▸ EXERCISE DATA
(* Let $\Sigma$ be a Hamiltonian surface in the Brady complex $X$. Then for every vertex $x$ of $X$, the Hamiltonian cycle $\Sigma\cap L_x$ of the link $L_x$ contains precisely two rungs (edges labeled $\mathcal{L}$).
   Context: The Brady complex $X$ is the simply connected CAT(0) piecewise Euclidean 2-complex (constructed by T. Brady) on which $\mathrm{Aut}(F_2)$ acts properly and cocompactly by cellular isometries, transitively on vertices. Its closed 2-cells (faces) are unit equilateral triangles and unit lozenges (rhombi with angles $\pi/3$ and $2\pi/3$); every edge lies in exactly one triangle and two lozenges. The link $L_x$ of a vertex $x$ is the graph whose vertices are the edges of $X$ at $x$ and whose edges are the corners at $x$ of faces containing $x$; a link edge is labeled $t$ if it comes from a triangle, $\ell$ if from a lozenge corner of angle $\pi/3$, and $\mathcal{L}$ if from a lozenge corner of angle $2\pi/3$. Each labeled link $L_x$ is isomorphic to the Moebius ladder with vertices $u_0,\dots,u_3,w_0,\dots,w_3$, rungs $u_iw_i$ labeled $\mathcal{L}$, horizontal edges $u_0u_1,u_2u_3,w_0w_1,w_2w_3$ labeled $\ell$ and horizontal edges $u_1u_2,u_3w_0,w_1w_2,w_3u_0$ labeled $t$. A Hamiltonian surface in $X$ is a connected union $\Sigma$ of closed faces which is a surface without boundary, contains every vertex and every edge of $X$, and has no multiple vertex; for each vertex $x$, $\Sigma\cap L_x$ (the link edges given by corners of faces of $\Sigma$) is then a Hamiltonian cycle of $L_x$. *)

From Stdlib Require Import Relations.
From mathcomp Require Import all_boot.
Set Implicit Arguments. Unset Strict Implicit. Unset Printing Implicit Defensive.

Inductive shape := Tri | Loz.
Definition nsides (s : shape) : nat := match s with Tri => 3 | Loz => 4 end.

(* lab_t = t (triangle corner), lab_l = small ell (lozenge corner of angle pi/3),
   lab_L = calligraphic L (lozenge corner of angle 2pi/3) *)
Inductive label := lab_t | lab_l | lab_L.

Inductive lvert := u0 | u1 | u2 | u3 | w0 | w1 | w2 | w3.
Inductive ledge :=
  | rung0 | rung1 | rung2 | rung3
  | hl0 | hl1 | hl2 | hl3
  | ht0 | ht1 | ht2 | ht3.

Definition ledge_ends (a : ledge) : lvert * lvert :=
  match a with
  | rung0 => (u0, w0) | rung1 => (u1, w1) | rung2 => (u2, w2) | rung3 => (u3, w3)
  | hl0 => (u0, u1) | hl1 => (u2, u3) | hl2 => (w0, w1) | hl3 => (w2, w3)
  | ht0 => (u1, u2) | ht1 => (u3, w0) | ht2 => (w1, w2) | ht3 => (w3, u0)
  end.

Definition ledge_label (a : ledge) : label :=
  match a with
  | rung0 | rung1 | rung2 | rung3 => lab_L
  | hl0 | hl1 | hl2 | hl3 => lab_l
  | ht0 | ht1 | ht2 | ht3 => lab_t
  end.

(* Convention encoding the metric: in a
   lozenge the corners of even index have angle pi/3, those of odd index 2pi/3. *)
Record complex2 := Complex2 {
  vert : Type;
  edge : Type;
  face : Type;
  eend1 : edge -> vert;
  eend2 : edge -> vert;
  fshape : face -> shape;
  fvert : face -> nat -> vert;
  fedge : face -> nat -> edge
}.

Section Complex.
Variable X : complex2.

Definition fsize (f : face X) : nat := nsides (fshape f).

Definition incident (e : edge X) (x : vert X) : Prop := eend1 e = x \/ eend2 e = x.

Definition joins (e : edge X) (x y : vert X) : Prop :=
  (eend1 e = x /\ eend2 e = y) \/ (eend1 e = y /\ eend2 e = x).

Definition well_formed : Prop :=
  (forall e : edge X, eend1 e <> eend2 e) /\
  (forall f i, i < fsize f -> joins (fedge f i) (fvert f i) (fvert f (i.+1 %% fsize f))) /\
  (forall f i j, i < fsize f -> j < fsize f -> fvert f i = fvert f j -> i = j) /\
  (forall f i j, i < fsize f -> j < fsize f -> fedge f i = fedge f j -> i = j).

Definition oedge := (edge X * bool)%type.
Definition osrc (d : oedge) : vert X := if d.2 then eend1 d.1 else eend2 d.1.
Definition otgt (d : oedge) : vert X := if d.2 then eend2 d.1 else eend1 d.1.
Definition oinv (d : oedge) : oedge := (d.1, ~~ d.2).

Fixpoint is_path (x : vert X) (p : seq oedge) : Prop :=
  match p with
  | [::] => True
  | d :: p' => osrc d = x /\ is_path (otgt d) p'
  end.

Fixpoint endpt (x : vert X) (p : seq oedge) : vert X :=
  match p with
  | [::] => x
  | d :: p' => endpt (otgt d) p'
  end.

Definition face_word (f : face X) (r : seq oedge) : Prop :=
  size r = fsize f /\
  exists k, forall j d, onth r j = Some d ->
    d.1 = fedge f ((k + j) %% fsize f) /\ osrc d = fvert f ((k + j) %% fsize f).

Definition face_loop (f : face X) (r : seq oedge) : Prop :=
  face_word f r \/ face_word f (rev (map oinv r)).

Definition elementary_loop (r : seq oedge) (v : vert X) : Prop :=
  is_path v r /\ ((exists d, r = [:: d; oinv d]) \/ (exists f, face_loop f r)).

Definition hstep (x : vert X) (p q : seq oedge) : Prop :=
  exists a b r, p = a ++ b /\ q = a ++ r ++ b /\ elementary_loop r (endpt x a).

Definition connected : Prop :=
  forall x y : vert X, exists p, is_path x p /\ endpt x p = y.

Definition simply_connected : Prop :=
  connected /\
  forall (x : vert X) (p : seq oedge), is_path x p -> endpt x p = x ->
    clos_refl_sym_trans _ (hstep x) p [::].

Definition corner_at (x : vert X) (f : face X) (i : nat) : Prop :=
  i < fsize f /\ fvert f i = x.

(* the two link vertices (edges at x) joined by the corner (f, i) *)
Definition corner_e1 (f : face X) (i : nat) : edge X :=
  fedge f ((i + fsize f).-1 %% fsize f).
Definition corner_e2 (f : face X) (i : nat) : edge X := fedge f i.

Definition corner_label (f : face X) (i : nat) : label :=
  match fshape f with
  | Tri => lab_t
  | Loz => if odd i then lab_L else lab_l
  end.

Definition corner_joins (f : face X) (i : nat) (e e' : edge X) : Prop :=
  (corner_e1 f i = e /\ corner_e2 f i = e') \/ (corner_e1 f i = e' /\ corner_e2 f i = e).

Definition link_is_ladder (x : vert X) : Prop :=
  exists (phi : edge X -> lvert) (psi : face X -> nat -> ledge),
    (forall e e', incident e x -> incident e' x -> phi e = phi e' -> e = e') /\
    (forall v, exists e, incident e x /\ phi e = v) /\
    (forall f i f' i', corner_at x f i -> corner_at x f' i' ->
        psi f i = psi f' i' -> f = f' /\ i = i') /\
    (forall a, exists f i, corner_at x f i /\ psi f i = a) /\
    (forall f i, corner_at x f i ->
        ((phi (corner_e1 f i), phi (corner_e2 f i)) = ledge_ends (psi f i) \/
         (phi (corner_e2 f i), phi (corner_e1 f i)) = ledge_ends (psi f i)) /\
        corner_label f i = ledge_label (psi f i)).

Definition brady_complex : Prop :=
  well_formed /\ simply_connected /\ forall x, link_is_ladder x.

Definition face_has_edge (f : face X) (e : edge X) : Prop :=
  exists i, i < fsize f /\ fedge f i = e.
Definition face_has_vert (f : face X) (x : vert X) : Prop :=
  exists i, i < fsize f /\ fvert f i = x.

Definition link_single_cycle (S : face X -> Prop) (x : vert X) : Prop :=
  exists (m : nat) (es : nat -> edge X) (cs : nat -> (face X * nat)%type),
    3 <= m /\
    (forall j k, j < m -> k < m -> es j = es k -> j = k) /\
    (forall j k, j < m -> k < m -> cs j = cs k -> j = k) /\
    (forall j, j < m -> corner_at x (cs j).1 (cs j).2 /\ S (cs j).1 /\
                        corner_joins (cs j).1 (cs j).2 (es j) (es (j.+1 %% m))) /\
    (forall f i, corner_at x f i -> S f -> exists j, j < m /\ cs j = (f, i)).

Definition hamiltonian_surface (S : face X -> Prop) : Prop :=
  (forall f g, S f -> S g ->
     clos_refl_trans _ (fun f' g' => S f' /\ S g' /\
        exists x, face_has_vert f' x /\ face_has_vert g' x) f g) /\
  (forall x, exists f, S f /\ face_has_vert f x) /\
  (forall e, exists f1 f2, f1 <> f2 /\ S f1 /\ S f2 /\
       face_has_edge f1 e /\ face_has_edge f2 e /\
       forall f, S f -> face_has_edge f e -> f = f1 \/ f = f2) /\
  (forall x, link_single_cycle S x).

Definition exactly_two_rungs (S : face X -> Prop) (x : vert X) : Prop :=
  exists f1 i1 f2 i2, (f1, i1) <> (f2, i2) /\
    corner_at x f1 i1 /\ S f1 /\ corner_label f1 i1 = lab_L /\
    corner_at x f2 i2 /\ S f2 /\ corner_label f2 i2 = lab_L /\
    forall f i, corner_at x f i -> S f -> corner_label f i = lab_L ->
      (f, i) = (f1, i1) \/ (f, i) = (f2, i2).

End Complex.

From Stdlib Require Import Relations.
From mathcomp Require Import all_boot.
From HB Require Import structures.
Set Implicit Arguments. Unset Strict Implicit. Unset Printing Implicit Defensive.

(* At every vertex the corners of the faces of a Hamiltonian surface form a
   Hamiltonian cycle of the link, a Moebius ladder. Enumerating these cycles
   shows that each uses either no rung or exactly two, and that each obeys two
   local rules: the link edges it misses form a matching, and if it misses the
   l-edge at a link vertex then it also misses the rung at the far end of the
   t-edge there.
   So it suffices to exclude a vertex x whose link cycle uses no rung. Take a
   triangle x a1 a2. The lozenge with its 2pi/3 corner at x along x a1 is not
   in the surface (no rung at x), so at a1 its pi/3 corner is missing; the
   second rule at a1 says that the lozenge h with its 2pi/3 corner at a1 along
   a1 a2 is missing, hence so is the pi/3 corner of h at a2. Starting from x a2
   instead, the lozenge with its 2pi/3 corner at a2 along a1 a2 is missing.
   These are two different missing link edges at the same link vertex of a2,
   against the first rule. *)

Definition lvert_code (v : lvert) : nat :=
  match v with u0 => 0 | u1 => 1 | u2 => 2 | u3 => 3 | w0 => 4 | w1 => 5 | w2 => 6 | w3 => 7 end.
Lemma lvert_code_inj : injective lvert_code. Proof. by do 2 case. Qed.
HB.instance Definition _ := Equality.copy lvert (inj_type lvert_code_inj).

▸ EXERCISE GOAL
Please give only the count of lines above containing "fedge".

▸ WORKED SOLUTION
7